Lemma ses_retraction_compl (r : 'M[K]_(mdim X, mdim Y)) : is_hom r -> r *m f = 1%:M ->
  exists2 s : 'M[K]_(mdim Y, mdim Z), is_hom s &
    [/\ g *m s = 1%:M, r *m s = 0 & f *m r + s *m g = 1%:M].
Proof.
move=> hr rf; have [hf _ _ _ _] := fg.
have [s hs Ds] : exists2 s : 'M[K]_(mdim Y, mdim Z), is_hom s & 1%:M - f *m r = s *m g.
  apply: ses_hom_kerr; first by apply: is_homB; [apply: is_hom1 | apply: is_hom_mul].
  by rewrite mulmxBl mul1mx -mulmxA rf mulmx1 subrr.
exists s => //; split; last by rewrite -Ds addrC subrK.
- by apply: ses_epi; rewrite -mulmxA -Ds mulmxBr mulmx1 mulmxA ses_gf mul0mx subr0 mul1mx.
- by apply: ses_epi; rewrite -mulmxA -Ds mulmxBr mulmx1 mulmxA rf mul1mx subrr mul0mx.
Qed.

End ShortExactSequence.

(** * Ext^1 and lifting of homomorphisms *)

Definition derivation W X (c : A -> 'M[K]_(mdim X, mdim W)) :=
  (forall k a b, c (k *: a + b) = k *: c a + c b) /\
  (forall a b, c (a * b) = act X a *m c b + c a *m act W b).

Lemma Ext1_zero_inner W X (c : A -> 'M[K]_(mdim X, mdim W)) :
  Ext1_zero W X -> derivation c -> exists m, forall a, act X a *m m + c a = m *m act W a.
Proof.
move=> ext [clin cmul].
have c1 : c 1 = 0.
  by have := cmul 1 1; rewrite mulr1 !act_one mul1mx mulmx1 -[LHS]add0r => /addIr <-.
(* The extension 0 -> X -> E -> W -> 0 with cocycle c; its section gives m. *)
pose actE a := block_mx (act X a) (c a) 0 (act W a).
have linE k a b : actE (k *: a + b) = k *: actE a + actE b.
  by rewrite /actE !act_linear clin scale_block_mx add_block_mx scaler0 addr0.
have mulE a b : actE (a * b) = actE a *m actE b.
  by rewrite /actE mulmx_block !act_mul cmul !mulmx0 !mul0mx !addr0 !add0r.
have oneE : actE 1 = 1%:M by rewrite /actE !act_one c1 -scalar_mx_block.
pose E := FDMod linE mulE oneE.
pose f : 'M[K]_(mdim E, mdim X) := col_mx 1%:M 0.
pose g : 'M[K]_(mdim W, mdim E) := row_mx 0 1%:M.
have fg : ses f g.
  split.
  - move=> a; rewrite /= /actE mul_col_mx mul_block_col.
    by rewrite mul1mx !mul0mx mulmx1 !mulmx0 !addr0.
  - move=> a; rewrite /= /actE mul_row_block mul_mx_row.
    by rewrite !mul0mx !mulmx0 mul1mx mulmx1 !add0r.
  - by move=> u; rewrite mul_col_mx mul1mx mul0mx -col_mx0 => /eq_col_mx [].
  - move=> v; split=> [gv0 | [u ->]]; last first.
      by rewrite mul_col_mx mul_row_col !mul0mx mul1mx addr0.
    exists (usubmx v); rewrite mul_col_mx mul1mx mul0mx.
    by move: gv0; rewrite -[v]vsubmxK mul_row_col mul0mx mul1mx add0r => ->; rewrite col_mxKu.
  - by move=> w; exists (col_mx 0 w); rewrite mul_row_col mul0mx mul1mx add0r.
have [s [hs gs]] := ext E f g fg.
have s2 : dsubmx s = 1%:M.
  by move: gs; rewrite -[s]vsubmxK mul_row_col mul0mx mul1mx add0r col_mxKd.
exists (usubmx s) => a.
have := hs a; rewrite -[s]vsubmxK /= /actE mul_col_mx mul_block_col => /eq_col_mx [].
by rewrite col_mxKu s2 mulmx1 => ->.
Qed.

Lemma Ext1_zero_lift W X Y Z (f : 'M[K]_(mdim Y, mdim X)) (g : 'M[K]_(mdim Z, mdim Y)) :
  ses f g -> Ext1_zero W X -> forall h : 'M[K]_(mdim Z, mdim W), is_hom h ->
  exists2 l : 'M[K]_(mdim Y, mdim W), is_hom l & g *m l = h.
Proof.
move=> fg ext h hh; have [hf hg _ _ _] := fg.
have [sg [rh [gs rf split gf]]] := ses_linear_split fg.
have rYf a : rh *m act Y a *m f = act X a by rewrite -mulmxA -hf mulmxA rf mul1mx.
have gYs p (w : 'M[K]_(p, mdim Z)) b : w *m g *m act Y b *m sg = w *m act Z b.
  by rewrite -(mulmxA w) hg mulmxA -mulmxA gs mulmx1.
pose c a := rh *m act Y a *m sg *m h.
have [m Hm] : exists m, forall a, act X a *m m + c a = m *m act W a.
  apply: Ext1_zero_inner ext _; split=> [k a b | a b]; rewrite /c.
    by rewrite act_linear mulmxDr -scalemxAr !mulmxDl -!scalemxAl.
  rewrite act_mul -{1}[act Y a]mulmx1 -split !(mulmxDr, mulmxDl) !mulmxA rYf gYs.
  by rewrite -!mulmxA hh.
exists (sg *m h + f *m m); last by rewrite mulmxDr !mulmxA gs gf mul1mx mul0mx addr0.
move=> a; have Ys : act Y a *m sg = f *m (rh *m act Y a *m sg) + sg *m act Z a.
  by rewrite -[act Y a *m sg]mul1mx -split mulmxDl !mulmxA gYs.
rewrite mulmxDl mulmxDr mulmxA Ys (mulmxA (act Y a)) -hf -(mulmxA f m) -Hm.
by rewrite mulmxDr -(mulmxA sg) hh !mulmxDl !mulmxA addrA addrC addrA.
Qed.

• **What you are asked to do**: Count each line of the data where the word "usubmx" appears, then reply with the total only.

• **Response for this exercise**: 2